• _Stored data_:
-.-.-
Lemma rsum_band n (F : nat -> R) j :
  (forall k, (k < n)%nat -> (k + 2 <= j \/ j + 2 <= k)%nat -> F k = 0) ->
  rsum n (fun k => if Nat.eqb k j then 0 else F k) =
  (match j with O => 0 | S p => if Nat.ltb p n then F p else 0 end)
  + (if Nat.ltb (S j) n then F (S j) else 0).
Proof.
  induction n; intros H; [destruct j; unfold rsum; simpl; ring|].
  rewrite rsum_S, IHn by (intros; apply H; lia).
  destruct (Nat.eqb_spec n j) as [->|Hne];
  destruct j as [|p];
  repeat match goal with |- context [Nat.ltb ?a ?b] => destruct (Nat.ltb_spec a b) end;
  try lia;
  first [ ring | rewrite (H n) by lia; ring
        | replace n with 1%nat by lia; ring | replace n with p by lia; ring
        | replace n with (S (S p)) by lia; ring ].
Qed.

Lemma maxlist_ge (l : list R) x : In x l -> x <= maxlist l.
Proof.
  induction l; simpl; intros H; [contradiction|].
  destruct H as [->|H]; [apply Rmax_l|].
  eapply Rle_trans; [apply IHl; auto | apply Rmax_r].
Qed.

Lemma maxlist_ge0 (l : list R) : 0 <= maxlist l.
Proof. induction l; simpl; [lra|]. eapply Rle_trans; [apply IHl | apply Rmax_r]. Qed.

Lemma argmax (phi : nat -> R) n : (0 < n)%nat ->
  exists j, (j < n)%nat /\ forall k, (k < n)%nat -> phi k <= phi j.
Proof.
  induction n; intros H; [lia|]. destruct n.
  - exists 0%nat. split; [lia|]. intros k Hk. replace k with 0%nat by lia. lra.
  - destruct IHn as [j [Hj Hm]]; [lia|].
    destruct (Rle_dec (phi j) (phi (S n))).
    + exists (S n). split; [lia|]. intros k Hk. destruct (Nat.eq_dec k (S n)); [subst; lra|].
      eapply Rle_trans; [apply Hm; lia | auto].
    + exists j. split; [lia|]. intros k Hk. destruct (Nat.eq_dec k (S n)); [subst; lra|]. apply Hm. lia.
Qed.

Definition offdiag_col_sum (n : nat) (s : nat -> nat -> C) (j : nat) : R :=
  rsum n (fun k => if Nat.eqb k j then 0 else Cmod (s k j)).

(* It is proved at an index where |a_j| is maximal. *)
Lemma diag_dominant_solution_bound (n : nat) (s : nat -> nat -> C) (a b : nat -> C) (c M : R) :
  c < 1 ->
  (forall j, (j < n)%nat -> 0 < Cmod (s j j)) ->
  (forall j, (j < n)%nat -> offdiag_col_sum n s j <= c * Cmod (s j j)) ->
  (forall j, (j < n)%nat -> Csum n (fun k => a k * s k j)%C = b j) ->
  (forall j, (j < n)%nat -> Cmod (b j) <= M * Cmod (s j j)) ->
  forall k, (k < n)%nat -> Cmod (a k) <= M / (1 - c).
Proof.
  intros Hc Hdiag Hdom Hsys Hb k Hk.
  destruct (argmax (fun k => Cmod (a k)) n) as [j [Hj Hmax]]; [lia|].
  apply Rle_trans with (Cmod (a j)); [now apply Hmax|].
  set (r := Csum n (fun k => if Nat.eqb k j then RtoC 0 else (a k * s k j)%C)).
  assert (Hr : Cmod r <= Cmod (a j) * (c * Cmod (s j j))).
  { eapply Rle_trans; [apply Cmod_Csum|].
    eapply Rle_trans;
      [apply (rsum_le _ _ (fun k => Cmod (a j) * (if Nat.eqb k j then 0 else Cmod (s k j))))|].
    - intros l Hl. destruct (Nat.eqb l j); [rewrite Cmod_0; lra|].
      rewrite Cmod_mult. apply Rmult_le_compat_r; [apply Cmod_ge_0 | now apply Hmax].
    - rewrite <- rsum_mult_l. apply Rmult_le_compat_l; [apply Cmod_ge_0 | now apply Hdom]. }
  assert (Hdiag_eq : (a j * s j j)%C = (b j - r)%C).
  { rewrite <- (Hsys j Hj), (Csum_split _ _ j Hj). unfold r. ring. }
  assert (Hj_le : Cmod (a j) * Cmod (s j j) <= M * Cmod (s j j) + Cmod (a j) * (c * Cmod (s j j))).
  { rewrite <- Cmod_mult, Hdiag_eq. unfold Cminus.
    eapply Rle_trans; [apply Cmod_triangle|]. rewrite Cmod_opp. specialize (Hb j Hj). lra. }
  apply Rle_div_r; [lra|].
  apply Rmult_le_reg_r with (Cmod (s j j)); [auto|]. nra.
Qed.

Lemma lub_upper (E : R -> Prop) e M : E e -> (forall r, E r -> r <= M) ->
  forall r, E r -> r <= real (Lub_Rbar E).
Proof.
  intros He HM. destruct (Lub_Rbar_correct E) as [Hub Hl].
  assert (H1 : Rbar_le (Lub_Rbar E) M) by (apply Hl; intros r Hr; apply HM; auto).
  assert (H2 : Rbar_le e (Lub_Rbar E)) by (apply Hub; auto).
  destruct (Lub_Rbar E) as [l| |]; simpl in *; try contradiction.
  intros r Hr. apply (Hub r Hr).
Qed.

Lemma lub_le (E : R -> Prop) M : (forall r, E r -> r <= M) -> 0 <= M -> real (Lub_Rbar E) <= M.
Proof.
  intros HM H0. destruct (Lub_Rbar_correct E) as [_ Hl].
  assert (H1 : Rbar_le (Lub_Rbar E) M) by (apply Hl; intros r Hr; apply HM; auto).
  destruct (Lub_Rbar E); simpl in *; try contradiction; auto.
Qed.

(* Clamping to X = [al, be] turns a function continuous on X into a function
   continuous on all of R with the same values on X; this gives access to the
   global continuity and integrability results of the library. *)
Definition clamp (al be x : R) := Rmax al (Rmin be x).

Lemma clamp_X al be x : al <= be -> inX al be (clamp al be x).
Proof. intros. unfold inX, clamp, Rmax, Rmin. repeat destruct Rle_dec; lra. Qed.

Lemma clamp_id al be x : inX al be x -> clamp al be x = x.
Proof. unfold inX, clamp; intros. rewrite Rmin_right by lra. rewrite Rmax_right; lra. Qed.

Lemma clamp_lip al be x y : al <= be -> Rabs (clamp al be y - clamp al be x) <= Rabs (y - x).
Proof.
  intros. unfold clamp, Rmax, Rmin.
  repeat destruct Rle_dec; unfold Rabs; repeat destruct Rcase_abs; lra.
Qed.

Lemma cont_clamp {V : UniformSpace} al be (f : R -> V) :
  al <= be -> cont_on_X al be f -> forall x, continuous (fun y => f (clamp al be y)) x.
Proof.
  intros Hab Hf x. unfold continuous.
  apply filterlim_comp with (G := within (inX al be) (locally (clamp al be x))).
  - intros P [eps H]. exists eps. intros y Hy. apply H; [|apply clamp_X; lra].
    change (Rabs (clamp al be y - clamp al be x) < eps).
    eapply Rle_lt_trans; [apply clamp_lip; lra | exact Hy].
  - apply Hf. apply clamp_X; lra.
Qed.

Lemma inX_Rmin_Rmax al be x : al <= be -> Rmin al be <= x <= Rmax al be -> inX al be x.
Proof. intros. unfold inX, Rmin, Rmax in *. destruct Rle_dec; lra. Qed.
-.-.-
Spot the lines above that mention "match" and copy them.

• _TASK OUTPUT_:
  (match j with O => 0 | S p => if Nat.ltb p n then F p else 0 end)
  repeat match goal with |- context [Nat.ltb ?a ?b] => destruct (Nat.ltb_spec a b) end;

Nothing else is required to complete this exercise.